Já a desesperar, fui a casa buscar as ferramentas que me pareceram mais adequadas à ocasião - facas e chaves de fendas. Nada de martelos. Queria experimentar primeiro tirar a borracha que fica entre a porta e a carroçaria, seguindo o exemplo do especialista.
Como
a lata com rodas o automóvel é de 3 portas, as janelas de trás são pequenas e abrem só um bocadinho, com um fecho de compasso. Por isso, lembrei-me de enfiar a chave de fendas entre o vidro de uma dessas janelas e a borracha e fazer pressão para a janela abrir. Enquanto me esforçava, foi tranquilizador ver pessoas a passar ao lado e nenhuma estranhar o que quer que fosse. Às tantas, aquele carro (e seus donos) já são mais conhecidos nas redondezas do que eu pensava...
A janela estava a querer abrir mas faltava uma faca, para conseguir abrir o fecho do compasso da janela através do espaço que a chave de fendas abria. Pedia à Maria que fosse a casa buscar e, quando conseguimos libertar o fecho com a faca da manteiga, pedi-lhe novamente que fosse a casa buscar o alicate para poder enfiar o braço pela janela até ao lugar da frente e puxar o... coiso para cima. Aquilo às tantas já parecia uma cena da Anatomia de Grey, onde eu era o McDreamy (claro) e a Maria era a enfermeira instrumentista. A única diferença é que na Anatomia de Grey, a instrumentista é mais rápida a dar as ferramentas ao McDreamy. Tirando isso, era tal e qual.

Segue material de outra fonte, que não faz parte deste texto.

Lemma horner_derivable (p : {poly R}) t :
  derivable_pt_lim (fun x => p.[x]) t (p^`()).[t].
Proof.
  elim/poly_ind: p t => [|p c IH] t.
  - rewrite deriv0 horner0.
    under [fun x => _]functional_extensionality => x do rewrite horner0.
    exact: derivable_pt_lim_const.
  - under [fun x => _]functional_extensionality => x
      do rewrite hornerMXaddC -RplusE -RmultE.
    have := derivable_pt_lim_plus _ _ t _ _
      (derivable_pt_lim_mult _ _ t _ _ (IH t) (derivable_pt_lim_id t))
      (derivable_pt_lim_const c t).
    congr derivable_pt_lim.
    rewrite derivMXaddC hornerD hornerMX /Ranalysis1.id -!RplusE -!RmultE. ring.
Qed.

Section Lagrange.
Variables (N : nat) (tp : nat -> R).

Definition lag_factor (j m : nat) : {poly R} :=
  if Nat.eq_dec m j then 1 else (tp j - tp m)^-1 *: ('X - (tp m)%:P).

Definition lag_poly (j : nat) : {poly R} := \prod_(m <- iota 0 N.+1) lag_factor j m.

Lemma lag1_horner j t : lag1 N tp j t = (lag_poly j).[t].
Proof.
  rewrite /lag1 /lag_poly Nat.add_1_r seq_iota horner_prod.
  elim: (iota 0 N.+1) => [|m l IH] /=; first by rewrite big_nil.
  rewrite big_cons IH RmultE /lag_factor. congr (_ * _).
  destruct (Nat.eq_dec m j); first by rewrite hornerC.
  by rewrite hornerZ hornerXsubC RminusE /Rdiv RmultE mulrC.
Qed.

Lemma size_lag_poly j : (size (lag_poly j) <= (count (predC (pred1 j)) (iota 0 N.+1)).+1)%N.
Proof.
  have size_lag_factor m : (size (lag_factor j m) <= (m != j).+1)%N.
  { rewrite /lag_factor. destruct (Nat.eq_dec m j) as [->|ne]; first by rewrite size_poly1.
    apply: leq_trans (size_scale_leq _ _) _. rewrite size_XsubC.
    by case: eqP. }
  rewrite /lag_poly. elim: (iota 0 N.+1) => [|m l IH] /=; first by rewrite big_nil size_poly1.
  rewrite big_cons. apply: leq_trans (size_polyMleq _ _) _.
  rewrite -subn1 leq_subLR. apply: leq_trans (leq_add (size_lag_factor m) IH) _ => /=. lia.
Qed.

Lemma size_deriv_lag_poly j : (size (lag_poly j)^`() <= N.+1)%N.
Proof.
  have [->|nz] := eqVneq (lag_poly j) 0; first by rewrite deriv0 size_poly0.
  rewrite -ltnS. apply: leq_trans (lt_size_deriv nz) (leq_trans (size_lag_poly j) _).
  by rewrite !ltnS -{2}(size_iota 0 N.+1) count_size.
Qed.

Lemma size_lag_poly_le j : (j <= N)%N -> (size (lag_poly j) <= N.+1)%N.
Proof.
  move=> Hj. apply: leq_trans (size_lag_poly j) _.
  have := count_predC (pred1 j) (iota 0 N.+1).
  rewrite size_iota (count_uniq_mem _ (iota_uniq _ _)) mem_iota. lia.
Qed.

Lemma lag1_eq_horner j : lag1 N tp j = fun t => (lag_poly j).[t].
Proof. apply: functional_extensionality => t; exact: lag1_horner. Qed.

Lemma Deriv_lag1 j t : Deriv (lag1 N tp j) t = ((lag_poly j)^`()).[t].
Proof. by apply: Deriv_unique; rewrite lag1_eq_horner; apply: horner_derivable. Qed.

Lemma lag1_derivable j t : derivable_pt_lim (lag1 N tp j) t (Deriv (lag1 N tp j) t).
Proof. by rewrite Deriv_lag1 lag1_eq_horner; apply: horner_derivable. Qed.

Hypothesis tp_inj : forall a b, (a <= N)%coq_nat -> (b <= N)%coq_nat -> tp a = tp b -> a = b.

Lemma horner_lag_poly_node j m : (j <= N)%N -> (m <= N)%N -> (lag_poly j).[tp m] = (j == m)%:R.
Proof.
  move=> Hj Hm. rewrite /lag_poly horner_prod.
  have [<-|ne] := eqVneq j m.
  - apply: big1_seq => k /andP [_]; rewrite mem_iota => /andP [_ Hk].
    rewrite /lag_factor. destruct (Nat.eq_dec k j) as [E|ne]; first by rewrite hornerC.
    rewrite hornerZ hornerXsubC mulVf // subr_eq0.
    by apply/eqP => /tp_inj E; apply: ne; apply: esym; apply: E; lia.
  - rewrite (bigD1_seq m) ?mem_iota ?iota_uniq //=.
    rewrite /lag_factor. destruct (Nat.eq_dec m j) as [E|E]; first by rewrite E eqxx in ne.
    by rewrite hornerZ hornerXsubC subrr mulr0 mul0r.
Qed.

Lemma lag_poly_interp (p : {poly R}) : (size p <= N.+1)%N ->
  p = \sum_(k <- iota 0 N.+1) p.[tp k] *: lag_poly k.
Proof.
  move=> Hp. apply/eqP; rewrite -subr_eq0.
  set Q := p - _.
  have rootQ : all (root Q) (map tp (iota 0 N.+1)).
  { apply/allP => _ /mapP [m Hm ->].
    rewrite /root /Q hornerD hornerN horner_sum (bigD1_seq m) ?iota_uniq //.
    have HmN : (m <= N)%N by move: Hm; rewrite mem_iota; lia.
    rewrite hornerZ horner_lag_poly_node // eqxx mulr1 big1_seq; first by rewrite /= addr0 subrr.
    move=> k /andP [/negPf ne]; rewrite mem_iota => Hk.
    by rewrite hornerZ horner_lag_poly_node ?ne ?mulr0 //; lia. }
  have uniqQ : uniq (map tp (iota 0 N.+1)).
  { rewrite map_inj_in_uniq ?iota_uniq // => a b; rewrite !mem_iota => Ha Hb E.
    by apply: tp_inj => //; lia. }
  have sizeQ : (size Q <= N.+1)%N.
  { apply: leq_trans (size_polyD _ _) _; rewrite geq_max Hp size_polyN.
    apply: leq_trans (size_sum _ _ _) _. apply/bigmax_leqP_seq => k Hk _.
    apply: leq_trans (size_scale_leq _ _) _. apply: size_lag_poly_le.
    by move: Hk; rewrite mem_iota; lia. }
  apply: contraLR sizeQ => nzQ. rewrite -ltnNge.
  by have := max_poly_roots nzQ rootQ uniqQ; rewrite size_map size_iota.
Qed.

Local Close Scope ring_scope.

Lemma lag1_node j m : (j <= N)%coq_nat -> (m <= N)%coq_nat -> lag1 N tp j (tp m) = delta j m.
Proof. by move=> /leP Hj /leP Hm; rewrite lag1_horner horner_lag_poly_node // delta_nat. Qed.

(* The derivative of a Lagrange polynomial has degree at most N, so it equals its interpolant. *)
Lemma Deriv_lag1_interp j t :
  Deriv (lag1 N tp j) t
  = msum (List.seq 0 (N + 1)%coq_nat) (fun k => Deriv (lag1 N tp j) (tp k) * lag1 N tp k t).
Proof.
  rewrite Deriv_lag1 {1}(lag_poly_interp _ (size_deriv_lag_poly j)) horner_sum.
  rewrite msum_big Nat.add_1_r seq_iota. apply: eq_bigr => k _.
  by rewrite hornerZ lag1_horner Deriv_lag1.
Qed.

End Lagrange.

End LagrangePoly.

Lemma d_r_Phic v r s t :
  d_r (Phic v) r s t = (v 2%nat - v 1%nat) * (1 - t) + (v 5%nat - v 4%nat) * t.
Proof.
  apply Deriv_unique, is_derive_Reals. unfold Phic; cbn [fold_right vfun].
  auto_derive; [exact I|ring].
Qed.

Lemma d_s_Phic v r s t :
  d_s (Phic v) r s t = (v 3%nat - v 1%nat) * (1 - t) + (v 6%nat - v 4%nat) * t.
Proof.
  apply Deriv_unique, is_derive_Reals. unfold Phic; cbn [fold_right vfun].
  auto_derive; [exact I|ring].
Qed.

Lemma d_t_Phic v r s t :
  d_t (Phic v) r s t
  = (v 4%nat - v 1%nat) * (1 - r - s) + (v 5%nat - v 2%nat) * r + (v 6%nat - v 3%nat) * s.
Proof.
  apply Deriv_unique, is_derive_Reals. unfold Phic; cbn [fold_right vfun].
  auto_derive; [exact I|ring].
Qed.

Section VerticalCoordinate.
Variable v : nat -> R.
Hypotheses (v14 : v 1%nat = v 4%nat) (v25 : v 2%nat = v 5%nat) (v36 : v 3%nat = v 6%nat).

Lemma d_r_Phic_vertical r s t : d_r (Phic v) r s t = v 2%nat - v 1%nat.
Proof. rewrite d_r_Phic, <- v14, <- v25. ring. Qed.

Lemma d_s_Phic_vertical r s t : d_s (Phic v) r s t = v 3%nat - v 1%nat.
Proof. rewrite d_s_Phic, <- v14, <- v36. ring. Qed.

Lemma d_t_Phic_vertical r s t : d_t (Phic v) r s t = 0.
Proof. rewrite d_t_Phic, <- v14, <- v25, <- v36. ring. Qed.

End VerticalCoordinate.

Definition tri_jac (vx vy : nat -> R) : R :=
  (vx 2%nat - vx 1%nat) * (vy 3%nat - vy 1%nat) - (vx 3%nat - vx 1%nat) * (vy 2%nat - vy 1%nat).

Section VerticalWedge.
Variables vx vy vz : nat -> R.
Hypothesis vertical : vertically_mapped vx vy.

Ltac vertical_derivatives :=
  destruct vertical as (x14 & y14 & x25 & y25 & x36 & y36);
  rewrite ?(d_r_Phic_vertical vx), ?(d_s_Phic_vertical vx), ?(d_t_Phic_vertical vx),
    ?(d_r_Phic_vertical vy), ?(d_s_Phic_vertical vy), ?(d_t_Phic_vertical vy) by assumption.

Lemma Jac_vertical r s t : Jac vx vy vz r s t = tri_jac vx vy * d_t (Phic vz) r s t.
Proof. unfold Jac, tri_jac; cbv zeta. vertical_derivatives. ring. Qed.

Lemma Jac_vertical_indep_t r s t : Jac vx vy vz r s t = Jac vx vy vz r s 0.
Proof. rewrite !Jac_vertical, !d_t_Phic. ring. Qed.

Lemma geo_rz_vertical r s t : geo_rz vx vy vz r s t = 0.
Proof. unfold geo_rz; cbv zeta. vertical_derivatives. unfold Rdiv. ring. Qed.

Lemma geo_sz_vertical r s t : geo_sz vx vy vz r s t = 0.
Proof. unfold geo_sz; cbv zeta. vertical_derivatives. unfold Rdiv. ring. Qed.

Lemma geo_tz_Jac_vertical r s t :
  Jac vx vy vz r s t <> 0 -> geo_tz vx vy vz r s t * Jac vx vy vz r s t = tri_jac vx vy.
Proof.
  intro HJ. unfold geo_tz; cbv zeta. field_simplify; [|exact HJ].
  vertical_derivatives. unfold tri_jac. ring.
Qed.

End VerticalWedge.

Lemma ex_RInt_of_ex_derive (f : R -> R) a b : (forall t, ex_derive f t) -> ex_RInt f a b.
Proof.
  intro Hf. exact (ex_RInt_continuous f a b (fun z _ => ex_derive_continuous f z (Hf z))).
Qed.

Lemma ex_derive_msum (l : list nat) (c : nat -> R) (f : nat -> R -> R) t :
  (forall k, ex_derive (f k) t) -> ex_derive (fun x => msum l (fun k => c k * f k x)) t.
Proof.
  intro Hf. induction l as [|a l IH].
  - exact (ex_derive_const (0 : R) t).
  - apply (ex_derive_plus (fun x => c a * f a x)); auto. apply ex_derive_scal, Hf.
Qed.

Quando, finalmente, a Maria trouxe o alicate, arregacei a manga e enfiei o braço pela janela de trás até ao coiso da porta da frente. Tentei, tentei, tentei mas... não consegui lá chegar. Tanto esforço parecia começar a não compensar. Até que, num rasgo de intelectualidade sem precedentes, a
enfermeira instrumentista Maria desata a correr até casa e regressa, munida com a solução para o nosso problema - um boião XXL de creme hidratante. Esfregou-me o braço todo com aquela mistelanga e foi ver o braço deslizar pelo carro a dentro até ao coiso, entalado entre a janela mal aberta e a borracha. Destranquei o... num instante.
Com o carro, por fim, aberto, fizemos o que se impunha - chamámos o reboque para irmos à oficina, a mesma onde nos mandaram partir a janela. (as outras são muito longe...) O tipo do reboque, que tinha um ar de... tipo dos reboques, sacou do seu "Super Booster" e, entre mastigadelas da sua pastilha elástica, disse-me que aquilo era canja. E, de facto, lá nos pôs o carro a trabalhar. Garantiu-me que ele não iria abaixo e que podia ir à vontade no carro até à oficina e pôs-se ao fresco, que as cervejolas não se bebem sozinhas e o patrão só devia estar a contar com ele uma hora mais tarde.
Já na oficina, pude comprovar que quando se trabalha com técnicos especializados, tudo é mais simples. Só demoraram uma hora a descobrir que um dos cabos que ligava à bateria estava partido. E descobriram só depois de me terem tentado impingir uma bateria nova e terem percebido que ela ainda estava na garantia... deles.
Depois de tudo isto, fiquei a acreditar muito mais na bondade das pessoas. Ok, que são boas ou então que não têm creme hidratante em casa. É que passámos três dias com a janela de trás aberta e o
fantástico veículo carroça não desapareceu.